Pakistani passenger train

Jaffar Express (جعفر ایکسپریس) is a passenger train operated daily by Pakistan Railways between Quetta and Peshawar. The trip takes approximately 34 hours, 10 minutes to cover a published distance of 1632 km, traveling along a stretch of the Rohri–Chaman Railway Line and Karachi–Peshawar Railway Line.

==History==
The Jaffar Express is named after Mir Jaffar Khan Jamali, who was a prominent Baloch tribal leader, active member of the Pakistan Movement, and a close friend of the Mohammad Ali Jinnah. He was the uncle of former Prime Minister Mir Zafarullah Khan Jamali. The train was inaugurated by the Prime Minister Mir Zafarullah Khan Jamali on 16 April 2003 with Chinese rakes. The original Jaffar Express ran between Quetta and Rawalpindi. In April 2017, the train was extended to Peshawar.

=== 2025 hijacking ===

On 11 March 2025, the Jaffar Express passenger train traveling from Quetta to Peshawar in Pakistan was hijacked by the Balochistan Liberation Army, with over 440 people taken hostage. The BLA claims it killed more than 30 Pakistan Army personnel. On 12 March security forces rescued all passengers and security personnel by the Balochistan Liberation Army (BLA). The Pakistan Army confirmed the deaths of all 33 BLA militants, as well as 21 passengers, 4 soldiers and the train driver.

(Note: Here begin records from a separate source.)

(* Let $\|\cdot\|$ be a strictly convex norm on $\mathbb{R}^n$ that is continuously differentiable on $\mathbb{R}^n\setminus\{0\}$, with gradient $N(x)$ at $x\neq0$; set $h(x,y)=\|y\|-\langle y,N(x)\rangle$ for $x\ne0$ and $\sigma(x,t)=\max_{\|y\|\le t}h(x,x+y)$ for $x\ne 0$, $t>0$. Assume $\|\cdot\|$ is geometrically convex with constants $1,\Lambda$, where $\Lambda>2$, i.e. $\Lambda h(x,x+y)\le h(x,x+2y)$ whenever $x\ne 0$ and $\|y\|\le\|x\|$. Let $l_0,l_1,\bar l_0,\bar l_1\in\mathbb{R}^n$ satisfy $$\|l_1-\bar l_0\|\ge\|l_1-l_0\|,\quad \|\bar l_1-l_0\|\ge\|\bar l_1-\bar l_0\|,\quad \|l_1-l_0\|=\|\bar l_1-\bar l_0\|=1,$$ and let $l=[l_0,l_1]$, $\bar l=[\bar l_0,\bar l_1]$ denote the closed segments, $e=l_1-l_0$, $\bar e=\bar l_1-\bar l_0$. Assume $0<\delta<1/4$, $x_0\in\mathbb{R}^n$, and $$l\cap\bar B_\delta(x_0)\ne\emptyset,\qquad \bar l\cap \bar B_\delta(x_0)\neq\emptyset.$$ Assume moreover that $\rho>3\delta$, $l_1,l_0\notin\bar B_\rho(x_0)$, $\kappa\ge \frac{4}{\rho-3\delta}$, and $$\sigma(e,\kappa\delta)\le\sigma(\bar e,\kappa\delta).$$ Then $$h(\bar e,\bar l_1-l_0)+h(\bar e,l_1-\bar l_0)\le \frac{\Lambda}{\Lambda-2}\,\sigma(\bar e,\kappa\delta).$$
   Context: $\langle\cdot,\cdot\rangle$ is the Euclidean inner product; $\bar B_s(x_0)=\{x:\|x-x_0\|\le s\}$ is the closed ball in the norm $\|\cdot\|$. Strict convexity of the norm means: if $x,y\neq0$ and $\|x+y\|=\|x\|+\|y\|$, then $y=\alpha x$ for some $\alpha>0$. *)

From HB Require Import structures.
From mathcomp Require Import all_boot all_order all_algebra.
From mathcomp Require Import all_classical all_reals all_analysis.
Set Implicit Arguments. Unset Strict Implicit. Unset Printing Implicit Defensive.
Import Order.TTheory GRing.Theory Num.Theory.
Import numFieldNormedType.Exports.
Local Open Scope classical_set_scope.
Local Open Scope ring_scope.

Section Defs.
Variables (R : realType) (n : nat).
Notation V := 'rV[R]_n.

Definition dotp (u v : V) : R := \sum_(i < n) u ord0 i * v ord0 i.

Definition is_norm (nrm : V -> R) : Prop :=
  [/\ forall x y, nrm (x + y) <= nrm x + nrm y,
      forall (a : R) x, nrm (a *: x) = `|a| * nrm x &
      forall x, nrm x = 0 -> x = 0].

Definition strictly_convex_norm (nrm : V -> R) : Prop :=
  forall x y, x != 0 -> y != 0 -> nrm (x + y) = nrm x + nrm y ->
    exists2 a : R, 0 < a & y = a *: x.

Definition C1_with_gradient (nrm : V -> R) (N : V -> V) : Prop :=
  (forall x, x != 0 ->
     differentiable nrm x /\ forall v, 'd nrm x v = dotp v (N x)) /\
  {in [set x : V | x != 0], continuous N}.

Definition hfun (nrm : V -> R) (N : V -> V) (x y : V) : R :=
  nrm y - dotp y (N x).

(* sigma(x,t) = max_{||y|| <= t} h(x, x+y)  (the max exists by compactness,
   so it equals the supremum) *)
Definition sigmafun (nrm : V -> R) (N : V -> V) (x : V) (t : R) : R :=
  sup [set hfun nrm N x (x + y) | y in [set y : V | nrm y <= t]].

Definition geom_convex (nrm : V -> R) (N : V -> V) (Lam : R) : Prop :=
  forall x y, x != 0 -> nrm y <= nrm x ->
    Lam * hfun nrm N x (x + y) <= hfun nrm N x (x + 2 *: y).

Definition seg_meets_ball (nrm : V -> R) (a b c : V) (r : R) : Prop :=
  exists2 t : R, 0 <= t <= 1 & nrm ((1 - t) *: a + t *: b - c) <= r.

End Defs.

From HB Require Import structures.
From mathcomp Require Import all_boot all_order all_algebra.
From mathcomp Require Import all_classical all_reals all_analysis.
From mathcomp Require Import ring lra.
Import Order.TTheory GRing.Theory Num.Theory.
Import numFieldNormedType.Exports.
Local Open Scope ring_scope.
Set Implicit Arguments. Unset Strict Implicit.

In November 2025, the train was targeted again when unidentified attackers had planted an explosive device on the railway track in the Shaheed Abdul Aziz Bullo area on a route between Peshawar and Quetta.

==Route==
- Quetta–Rohri Junction via Rohri–Chaman Railway Line
- Rohri Junction–Peshawar Cantonment via Karachi–Peshawar Railway Line

==Station stops==

- Quetta
- Kolpur
- Mach
- Aab-e-Gum
- Sibi
- Bakhtiarabad Domki
- Dera Murad Jamali
- Dera Allah Yar
- Jacobabad Junction
- Shikarpur
- Sukkur
- Rohri Junction
- Pano Akil
- Ghotki
- Sadiqabad
- Rahim Yar Khan
- Khanpur
- Bahawalpur
- Multan Cantonment
- Khanewal Junction
- Mian Channun
- Chichawatni
- Sahiwal
- Okara
- Pattoki
- Raiwind Junction
- Kot Lakhpat
- Lahore Cantonment
- Lahore Junction
- Gujranwala
- Wazirabad Junction
- Gujrat
- Lala Musa Junction
- Jhelum
- Rawalpindi
- Attock City Junction
- Nowshera Junction
- Peshawar City
- Peshawar Cantonment

==Equipment==
The train has Economy Class, AC Standard, AC Business and AC Sleeper accommodations.